(Beginning of RECORDED DATA)
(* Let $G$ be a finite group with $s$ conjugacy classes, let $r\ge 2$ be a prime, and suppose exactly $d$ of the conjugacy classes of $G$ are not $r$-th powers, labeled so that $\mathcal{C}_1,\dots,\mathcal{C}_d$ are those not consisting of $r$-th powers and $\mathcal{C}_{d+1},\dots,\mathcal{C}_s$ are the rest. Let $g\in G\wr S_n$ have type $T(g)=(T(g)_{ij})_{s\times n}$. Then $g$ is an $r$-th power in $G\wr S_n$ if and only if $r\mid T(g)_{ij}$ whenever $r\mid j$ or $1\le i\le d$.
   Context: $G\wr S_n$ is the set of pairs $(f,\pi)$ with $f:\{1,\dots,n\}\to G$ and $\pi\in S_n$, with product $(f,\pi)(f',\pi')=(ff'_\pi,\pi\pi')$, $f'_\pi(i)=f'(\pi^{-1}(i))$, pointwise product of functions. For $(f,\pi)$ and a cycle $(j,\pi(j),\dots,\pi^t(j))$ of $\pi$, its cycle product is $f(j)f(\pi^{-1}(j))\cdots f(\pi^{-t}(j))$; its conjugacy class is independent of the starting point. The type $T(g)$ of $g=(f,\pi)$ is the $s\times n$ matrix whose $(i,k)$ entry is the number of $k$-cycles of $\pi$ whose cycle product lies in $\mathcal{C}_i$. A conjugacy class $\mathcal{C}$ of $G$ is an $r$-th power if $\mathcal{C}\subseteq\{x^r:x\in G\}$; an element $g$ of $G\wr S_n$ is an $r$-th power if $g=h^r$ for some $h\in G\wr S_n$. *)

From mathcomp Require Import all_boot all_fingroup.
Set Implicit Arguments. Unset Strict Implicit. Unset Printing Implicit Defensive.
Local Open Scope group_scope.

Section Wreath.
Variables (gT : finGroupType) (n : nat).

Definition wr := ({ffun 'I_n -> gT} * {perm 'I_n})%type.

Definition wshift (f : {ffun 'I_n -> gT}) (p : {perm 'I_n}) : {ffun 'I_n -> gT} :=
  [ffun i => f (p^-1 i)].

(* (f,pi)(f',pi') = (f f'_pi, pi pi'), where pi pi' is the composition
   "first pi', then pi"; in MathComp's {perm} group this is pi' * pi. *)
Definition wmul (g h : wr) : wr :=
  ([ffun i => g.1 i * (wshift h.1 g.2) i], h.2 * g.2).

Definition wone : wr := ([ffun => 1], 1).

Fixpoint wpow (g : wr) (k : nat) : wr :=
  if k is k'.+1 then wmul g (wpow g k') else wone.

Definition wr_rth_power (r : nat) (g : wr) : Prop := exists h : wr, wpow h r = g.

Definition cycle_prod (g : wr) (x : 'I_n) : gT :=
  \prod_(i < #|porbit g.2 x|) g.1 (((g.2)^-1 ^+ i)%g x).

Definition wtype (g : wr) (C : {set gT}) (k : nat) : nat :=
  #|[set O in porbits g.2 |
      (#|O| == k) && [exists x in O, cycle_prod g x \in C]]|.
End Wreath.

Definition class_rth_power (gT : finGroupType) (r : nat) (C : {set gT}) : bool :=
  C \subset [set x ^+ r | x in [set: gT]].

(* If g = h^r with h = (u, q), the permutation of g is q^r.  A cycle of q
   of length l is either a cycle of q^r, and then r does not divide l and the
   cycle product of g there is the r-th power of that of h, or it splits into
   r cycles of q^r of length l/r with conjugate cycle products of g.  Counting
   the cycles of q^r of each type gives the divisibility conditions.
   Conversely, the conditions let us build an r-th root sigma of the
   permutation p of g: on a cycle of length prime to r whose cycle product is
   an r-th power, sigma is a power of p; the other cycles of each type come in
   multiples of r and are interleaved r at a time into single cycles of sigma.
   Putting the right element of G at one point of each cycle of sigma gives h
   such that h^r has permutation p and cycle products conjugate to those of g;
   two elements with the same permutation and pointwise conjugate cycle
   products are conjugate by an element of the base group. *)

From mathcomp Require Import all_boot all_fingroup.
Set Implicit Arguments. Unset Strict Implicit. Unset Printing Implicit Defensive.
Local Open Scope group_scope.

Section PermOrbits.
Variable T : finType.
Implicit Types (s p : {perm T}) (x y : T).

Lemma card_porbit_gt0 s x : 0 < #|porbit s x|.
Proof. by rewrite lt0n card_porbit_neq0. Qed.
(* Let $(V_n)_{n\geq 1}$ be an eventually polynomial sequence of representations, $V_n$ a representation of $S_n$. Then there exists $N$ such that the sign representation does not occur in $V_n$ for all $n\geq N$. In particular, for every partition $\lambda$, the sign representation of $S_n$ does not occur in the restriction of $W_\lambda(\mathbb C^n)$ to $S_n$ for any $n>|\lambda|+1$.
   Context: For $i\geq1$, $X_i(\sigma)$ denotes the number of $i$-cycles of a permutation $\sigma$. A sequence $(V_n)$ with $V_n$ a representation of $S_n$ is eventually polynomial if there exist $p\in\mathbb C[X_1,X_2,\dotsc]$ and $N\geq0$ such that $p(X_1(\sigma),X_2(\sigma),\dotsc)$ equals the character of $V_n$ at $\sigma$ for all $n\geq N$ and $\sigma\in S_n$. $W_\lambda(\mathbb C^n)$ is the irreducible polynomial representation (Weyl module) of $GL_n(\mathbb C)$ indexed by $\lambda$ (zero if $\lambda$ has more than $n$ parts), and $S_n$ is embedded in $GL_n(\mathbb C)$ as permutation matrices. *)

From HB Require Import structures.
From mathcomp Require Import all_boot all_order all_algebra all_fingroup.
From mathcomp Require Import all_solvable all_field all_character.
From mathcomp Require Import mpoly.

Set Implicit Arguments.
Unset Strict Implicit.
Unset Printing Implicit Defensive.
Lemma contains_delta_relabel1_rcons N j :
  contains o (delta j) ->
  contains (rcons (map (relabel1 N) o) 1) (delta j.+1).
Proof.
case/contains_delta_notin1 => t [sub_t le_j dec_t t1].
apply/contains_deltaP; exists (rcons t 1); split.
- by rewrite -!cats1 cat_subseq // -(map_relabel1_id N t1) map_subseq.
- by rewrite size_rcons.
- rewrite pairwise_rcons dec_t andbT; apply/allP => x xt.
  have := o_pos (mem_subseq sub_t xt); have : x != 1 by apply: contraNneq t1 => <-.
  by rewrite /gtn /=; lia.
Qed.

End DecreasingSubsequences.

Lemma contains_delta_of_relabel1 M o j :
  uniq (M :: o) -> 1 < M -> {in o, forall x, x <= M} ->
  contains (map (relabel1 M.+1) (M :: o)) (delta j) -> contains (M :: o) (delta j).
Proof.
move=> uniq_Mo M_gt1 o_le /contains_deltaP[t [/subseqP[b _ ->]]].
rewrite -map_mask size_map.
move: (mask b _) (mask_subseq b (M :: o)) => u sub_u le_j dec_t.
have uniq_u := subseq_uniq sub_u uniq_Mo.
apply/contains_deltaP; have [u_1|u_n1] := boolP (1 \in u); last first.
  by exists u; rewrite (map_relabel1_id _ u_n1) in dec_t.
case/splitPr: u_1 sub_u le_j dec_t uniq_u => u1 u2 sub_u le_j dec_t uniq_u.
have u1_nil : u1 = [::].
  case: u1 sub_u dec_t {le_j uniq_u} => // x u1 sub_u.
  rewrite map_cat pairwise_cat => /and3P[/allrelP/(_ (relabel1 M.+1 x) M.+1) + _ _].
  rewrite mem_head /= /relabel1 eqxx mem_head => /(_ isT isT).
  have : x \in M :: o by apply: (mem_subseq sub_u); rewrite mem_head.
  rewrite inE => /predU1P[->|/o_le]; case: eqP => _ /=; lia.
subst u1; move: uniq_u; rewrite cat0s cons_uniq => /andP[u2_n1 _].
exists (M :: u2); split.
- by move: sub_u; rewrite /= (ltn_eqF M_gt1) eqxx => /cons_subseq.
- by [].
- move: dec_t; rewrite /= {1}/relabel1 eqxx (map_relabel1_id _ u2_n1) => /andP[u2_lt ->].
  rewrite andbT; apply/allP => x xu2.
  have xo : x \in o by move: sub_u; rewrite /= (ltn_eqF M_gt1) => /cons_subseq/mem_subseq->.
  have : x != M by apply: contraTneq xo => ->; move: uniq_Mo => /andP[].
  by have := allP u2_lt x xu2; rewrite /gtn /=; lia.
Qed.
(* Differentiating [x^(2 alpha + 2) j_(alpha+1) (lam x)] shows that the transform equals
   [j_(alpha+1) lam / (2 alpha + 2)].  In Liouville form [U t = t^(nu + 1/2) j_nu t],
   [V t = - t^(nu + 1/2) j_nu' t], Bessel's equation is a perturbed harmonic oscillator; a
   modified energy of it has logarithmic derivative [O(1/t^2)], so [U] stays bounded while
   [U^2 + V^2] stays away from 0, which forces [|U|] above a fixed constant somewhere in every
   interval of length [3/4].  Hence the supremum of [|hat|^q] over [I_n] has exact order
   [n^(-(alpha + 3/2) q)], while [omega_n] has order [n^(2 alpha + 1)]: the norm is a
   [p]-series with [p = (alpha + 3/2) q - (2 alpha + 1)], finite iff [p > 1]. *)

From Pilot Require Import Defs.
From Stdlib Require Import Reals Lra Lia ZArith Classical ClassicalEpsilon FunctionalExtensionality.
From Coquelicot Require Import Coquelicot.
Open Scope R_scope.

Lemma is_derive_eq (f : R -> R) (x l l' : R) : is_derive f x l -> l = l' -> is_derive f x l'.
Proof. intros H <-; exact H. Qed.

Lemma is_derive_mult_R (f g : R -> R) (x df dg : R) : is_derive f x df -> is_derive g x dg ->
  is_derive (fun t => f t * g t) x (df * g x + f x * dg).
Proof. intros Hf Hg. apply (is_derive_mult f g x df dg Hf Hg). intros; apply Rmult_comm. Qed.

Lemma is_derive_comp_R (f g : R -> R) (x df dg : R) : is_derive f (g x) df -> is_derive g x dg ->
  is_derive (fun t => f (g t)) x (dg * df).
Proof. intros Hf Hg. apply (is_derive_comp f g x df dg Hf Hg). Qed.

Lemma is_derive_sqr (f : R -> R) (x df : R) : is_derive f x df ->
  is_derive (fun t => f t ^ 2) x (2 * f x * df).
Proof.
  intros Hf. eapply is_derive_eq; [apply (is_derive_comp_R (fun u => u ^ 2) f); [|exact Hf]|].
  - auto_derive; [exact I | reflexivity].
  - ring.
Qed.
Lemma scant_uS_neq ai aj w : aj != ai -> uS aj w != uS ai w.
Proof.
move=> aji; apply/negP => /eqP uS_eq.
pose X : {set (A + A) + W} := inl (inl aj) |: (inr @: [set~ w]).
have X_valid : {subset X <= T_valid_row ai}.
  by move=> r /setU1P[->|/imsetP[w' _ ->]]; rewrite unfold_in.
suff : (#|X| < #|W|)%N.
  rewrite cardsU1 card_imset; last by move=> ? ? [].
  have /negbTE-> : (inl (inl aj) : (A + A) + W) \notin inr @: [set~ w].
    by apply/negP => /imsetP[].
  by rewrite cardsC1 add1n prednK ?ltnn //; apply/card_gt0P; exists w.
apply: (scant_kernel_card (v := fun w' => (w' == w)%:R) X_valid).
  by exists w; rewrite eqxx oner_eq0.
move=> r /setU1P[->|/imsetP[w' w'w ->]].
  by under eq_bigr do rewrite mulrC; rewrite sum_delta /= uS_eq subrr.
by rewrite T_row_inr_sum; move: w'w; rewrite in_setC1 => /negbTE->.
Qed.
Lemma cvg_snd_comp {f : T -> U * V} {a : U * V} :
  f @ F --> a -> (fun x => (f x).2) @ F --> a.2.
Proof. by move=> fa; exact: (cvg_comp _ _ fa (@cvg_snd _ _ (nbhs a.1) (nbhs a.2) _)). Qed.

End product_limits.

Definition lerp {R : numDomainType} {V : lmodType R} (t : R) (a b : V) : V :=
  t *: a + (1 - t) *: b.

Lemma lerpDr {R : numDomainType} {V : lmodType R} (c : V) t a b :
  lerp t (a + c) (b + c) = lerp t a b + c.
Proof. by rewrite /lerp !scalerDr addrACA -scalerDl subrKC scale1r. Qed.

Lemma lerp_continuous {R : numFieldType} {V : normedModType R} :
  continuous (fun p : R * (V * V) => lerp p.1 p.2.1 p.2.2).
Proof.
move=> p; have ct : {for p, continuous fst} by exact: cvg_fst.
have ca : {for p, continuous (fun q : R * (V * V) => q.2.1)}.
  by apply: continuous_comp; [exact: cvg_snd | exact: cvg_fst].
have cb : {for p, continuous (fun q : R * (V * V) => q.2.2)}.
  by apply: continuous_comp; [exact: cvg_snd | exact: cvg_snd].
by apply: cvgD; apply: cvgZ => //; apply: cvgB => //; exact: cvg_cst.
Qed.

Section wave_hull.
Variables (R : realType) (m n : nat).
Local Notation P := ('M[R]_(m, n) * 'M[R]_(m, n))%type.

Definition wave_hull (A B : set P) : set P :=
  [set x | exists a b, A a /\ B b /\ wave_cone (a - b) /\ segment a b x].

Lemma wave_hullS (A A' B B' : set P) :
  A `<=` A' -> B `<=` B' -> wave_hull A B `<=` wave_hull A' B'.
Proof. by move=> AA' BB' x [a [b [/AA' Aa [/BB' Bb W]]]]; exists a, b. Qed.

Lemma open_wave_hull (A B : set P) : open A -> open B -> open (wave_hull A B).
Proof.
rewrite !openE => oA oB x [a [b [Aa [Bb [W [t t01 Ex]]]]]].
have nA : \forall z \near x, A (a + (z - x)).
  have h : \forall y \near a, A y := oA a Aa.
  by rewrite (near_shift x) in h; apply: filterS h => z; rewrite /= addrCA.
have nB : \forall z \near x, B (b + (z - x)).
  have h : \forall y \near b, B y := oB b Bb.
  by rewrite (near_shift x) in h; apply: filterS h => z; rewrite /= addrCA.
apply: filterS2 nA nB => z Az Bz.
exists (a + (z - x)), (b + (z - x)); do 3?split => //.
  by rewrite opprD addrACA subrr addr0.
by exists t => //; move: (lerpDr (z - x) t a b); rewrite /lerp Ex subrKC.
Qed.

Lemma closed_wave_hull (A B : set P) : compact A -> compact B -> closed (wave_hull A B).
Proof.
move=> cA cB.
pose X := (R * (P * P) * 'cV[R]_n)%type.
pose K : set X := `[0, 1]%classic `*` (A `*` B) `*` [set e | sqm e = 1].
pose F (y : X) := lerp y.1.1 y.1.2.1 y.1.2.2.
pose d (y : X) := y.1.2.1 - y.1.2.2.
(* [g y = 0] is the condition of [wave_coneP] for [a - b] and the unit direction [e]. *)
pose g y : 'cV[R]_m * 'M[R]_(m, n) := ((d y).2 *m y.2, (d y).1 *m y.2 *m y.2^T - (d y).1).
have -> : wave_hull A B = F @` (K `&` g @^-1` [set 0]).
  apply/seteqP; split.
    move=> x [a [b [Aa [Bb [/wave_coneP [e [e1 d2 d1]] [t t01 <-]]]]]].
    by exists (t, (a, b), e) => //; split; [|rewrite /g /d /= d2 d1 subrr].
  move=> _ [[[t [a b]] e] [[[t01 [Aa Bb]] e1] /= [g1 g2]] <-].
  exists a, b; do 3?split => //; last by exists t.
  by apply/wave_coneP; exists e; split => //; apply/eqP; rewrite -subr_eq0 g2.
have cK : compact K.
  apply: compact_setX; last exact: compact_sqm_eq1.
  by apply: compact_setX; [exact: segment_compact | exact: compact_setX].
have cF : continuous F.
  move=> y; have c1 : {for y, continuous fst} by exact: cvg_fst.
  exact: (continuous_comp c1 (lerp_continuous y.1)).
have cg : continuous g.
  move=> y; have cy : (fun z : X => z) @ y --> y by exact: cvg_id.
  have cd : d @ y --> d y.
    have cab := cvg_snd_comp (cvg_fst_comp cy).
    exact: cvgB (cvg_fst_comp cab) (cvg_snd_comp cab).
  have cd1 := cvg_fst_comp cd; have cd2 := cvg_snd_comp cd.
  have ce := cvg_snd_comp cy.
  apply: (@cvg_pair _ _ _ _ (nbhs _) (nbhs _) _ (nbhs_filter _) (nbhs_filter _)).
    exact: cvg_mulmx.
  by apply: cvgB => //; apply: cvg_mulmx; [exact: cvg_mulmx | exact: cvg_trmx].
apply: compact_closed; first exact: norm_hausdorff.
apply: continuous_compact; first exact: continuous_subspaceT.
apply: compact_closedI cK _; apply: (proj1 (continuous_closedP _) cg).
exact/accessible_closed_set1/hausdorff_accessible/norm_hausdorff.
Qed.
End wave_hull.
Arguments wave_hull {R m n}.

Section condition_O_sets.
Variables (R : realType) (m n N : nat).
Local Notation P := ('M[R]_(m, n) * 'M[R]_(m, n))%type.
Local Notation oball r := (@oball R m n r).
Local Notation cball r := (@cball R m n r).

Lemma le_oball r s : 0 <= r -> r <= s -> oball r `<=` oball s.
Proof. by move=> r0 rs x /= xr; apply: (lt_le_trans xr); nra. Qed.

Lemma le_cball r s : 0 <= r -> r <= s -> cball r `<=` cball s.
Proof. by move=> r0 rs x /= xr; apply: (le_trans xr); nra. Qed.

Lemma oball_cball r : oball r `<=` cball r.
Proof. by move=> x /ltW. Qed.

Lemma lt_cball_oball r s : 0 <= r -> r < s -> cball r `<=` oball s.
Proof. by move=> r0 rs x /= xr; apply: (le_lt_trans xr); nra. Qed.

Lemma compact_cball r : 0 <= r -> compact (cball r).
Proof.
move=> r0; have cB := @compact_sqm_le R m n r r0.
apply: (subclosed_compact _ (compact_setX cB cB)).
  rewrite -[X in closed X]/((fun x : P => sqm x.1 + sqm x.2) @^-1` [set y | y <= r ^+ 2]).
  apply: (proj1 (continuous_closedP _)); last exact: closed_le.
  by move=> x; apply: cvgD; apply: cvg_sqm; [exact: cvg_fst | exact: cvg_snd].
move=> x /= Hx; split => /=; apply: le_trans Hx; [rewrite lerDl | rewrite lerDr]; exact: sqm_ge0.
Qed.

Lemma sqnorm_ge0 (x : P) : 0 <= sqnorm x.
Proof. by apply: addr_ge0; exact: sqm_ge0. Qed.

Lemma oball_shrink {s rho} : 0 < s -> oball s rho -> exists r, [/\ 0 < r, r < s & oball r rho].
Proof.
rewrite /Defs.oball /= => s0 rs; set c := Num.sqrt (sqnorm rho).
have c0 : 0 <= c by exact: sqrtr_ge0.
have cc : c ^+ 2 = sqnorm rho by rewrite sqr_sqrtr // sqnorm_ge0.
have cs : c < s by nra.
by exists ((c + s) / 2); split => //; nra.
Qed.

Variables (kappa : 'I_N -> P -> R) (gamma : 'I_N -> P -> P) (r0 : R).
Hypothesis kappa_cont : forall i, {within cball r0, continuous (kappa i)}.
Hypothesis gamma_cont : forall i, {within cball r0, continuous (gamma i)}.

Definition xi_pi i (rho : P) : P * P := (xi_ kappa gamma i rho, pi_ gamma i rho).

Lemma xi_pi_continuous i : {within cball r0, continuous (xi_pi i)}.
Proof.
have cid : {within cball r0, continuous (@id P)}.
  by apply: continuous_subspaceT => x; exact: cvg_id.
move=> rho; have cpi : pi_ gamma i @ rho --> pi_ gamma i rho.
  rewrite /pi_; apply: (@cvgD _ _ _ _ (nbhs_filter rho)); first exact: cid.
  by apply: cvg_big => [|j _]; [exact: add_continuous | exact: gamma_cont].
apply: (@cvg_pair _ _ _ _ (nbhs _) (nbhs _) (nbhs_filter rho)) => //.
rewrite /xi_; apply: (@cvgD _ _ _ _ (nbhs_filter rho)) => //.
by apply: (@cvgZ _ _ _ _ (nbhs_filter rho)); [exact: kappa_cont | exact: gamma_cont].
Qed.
(End of RECORDED DATA)
**EXERCISE DETAILS:**
Once you find the string "Arguments" in a line of the records, copy that line.

**REPLY TO THE EXERCISE:**
Set Implicit Arguments. Unset Strict Implicit. Unset Printing Implicit Defensive.
Set Implicit Arguments. Unset Strict Implicit. Unset Printing Implicit Defensive.
Set Implicit Arguments.
Arguments wave_hull {R m n}.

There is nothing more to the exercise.